---- Record extracts

Lemma hpcoef_rec r l k n : 1 < r -> 0 < l <= r -> odd k ->
  hpcoef r l k n = \sum_(a < 2) \sum_(b < l - a)
    (if k * a + k.+1 * b <= n then hpcoef r (r - b) k.+2 (n - (k * a + k.+1 * b)) else 0).
Proof.
move=> r_gt1 l_range k_odd; pose M := n + k + r + 3.
pose A := [pred e : {ffun 'I_M.+1 -> 'I_M.+1} | standard r l k M.+1 n (extexp e)].
have exps_bound e : e \in A -> extexp e k < 2 /\ extexp e k + extexp e k.+1 < l.
  by rewrite inE; apply: standard_exps_bound => //; lia.
rewrite (hpcoef_nstandard (M := M)); last lia.
rewrite /nstandard -/A (card_fibers (g := fun e => extexp e k) (m := 2)); last first.
  by move=> e /exps_bound[].
apply: eq_bigr => a _.
rewrite (card_fibers (g := fun e => extexp e k.+1) (m := l - a)); last first.
  by move=> e; rewrite inE => /andP[/exps_bound[_ ?] /eqP ?]; lia.
apply: eq_bigr => b _; have b_lt := ltn_ord b.
by rewrite -(@card_fiber M r l) //; lia.
Qed.

Local Open Scope ring_scope.

Lemma exchange_big_nat_triangle (R : nmodType) n (a b : nat -> nat) (F : nat -> nat -> R) :
  (forall i, 0 < i < n -> a i <= n)%N -> (forall j, 0 < j < n -> b j <= n)%N ->
  (forall i j, 0 < i < n -> 0 < j < n -> (j < a i) = (i < b j))%N ->
  \sum_(1 <= i < n) \sum_(1 <= j < a i) F i j = \sum_(1 <= j < n) \sum_(1 <= i < b j) F i j.
Proof.
move=> a_le b_le ab.
transitivity (\sum_(1 <= i < n) \sum_(1 <= j < n) if (j < a i)%N then F i j else 0).
  apply: eq_big_nat => i i_range.
  by rewrite (big_nat_widen _ _ _ _ _ (a_le i i_range)) big_mkcond.
rewrite exchange_big_nat; apply: eq_big_nat => j j_range.
rewrite (big_nat_widen _ _ _ _ _ (b_le j j_range)) [RHS]big_mkcond.
by apply: eq_big_nat => i i_range; rewrite ab.
Qed.

Definition sshift (R : nzRingType) (e : nat) (g : nat -> R) : nat -> R :=
  fun n => if (e <= n)%N then g (n - e)%N else 0.

Section Series.
Variable R : nzRingType.
Implicit Types f g : nat -> R.

Lemma eq_smull f f' g n : f =1 f' -> smul f g n = smul f' g n.
Proof. by move=> ff'; apply: eq_bigr => a _; rewrite ff'. Qed.

Lemma eq_smulr f g g' n : g =1 g' -> smul f g n = smul f g' n.
Proof. by move=> gg'; apply: eq_bigr => a _; rewrite gg'. Qed.

Lemma eq_sshift e g g' n : g =1 g' -> sshift e g n = sshift e g' n.
Proof. by move=> gg'; rewrite /sshift gg'. Qed.

Lemma smul_saddl f1 f2 g n : smul (sadd f1 f2) g n = smul f1 g n + smul f2 g n.
Proof. by rewrite -big_split; apply: eq_bigr => a _; rewrite mulrDl. Qed.

Lemma smul_saddr f g1 g2 n : smul f (sadd g1 g2) n = smul f g1 n + smul f g2 n.
Proof. by rewrite -big_split; apply: eq_bigr => a _; rewrite mulrDr. Qed.

Lemma smul0l g n : smul (szero R) g n = 0.
Proof. by rewrite /smul big1 // => a _; rewrite mul0r. Qed.

Lemma smul_suml (I : Type) (s : seq I) (P : pred I) (F : I -> nat -> R) g n :
  smul (fun m => \sum_(i <- s | P i) F i m) g n = \sum_(i <- s | P i) smul (F i) g n.
Proof. by rewrite /smul exchange_big; apply: eq_bigr => a _; rewrite mulr_suml. Qed.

--------

Required work: Filter the data down to the lines that contain the string "sadd", and copy them.

Written solution:
Lemma smul_saddl f1 f2 g n : smul (sadd f1 f2) g n = smul f1 g n + smul f2 g n.
Lemma smul_saddr f g1 g2 n : smul f (sadd g1 g2) n = smul f g1 n + smul f g2 n.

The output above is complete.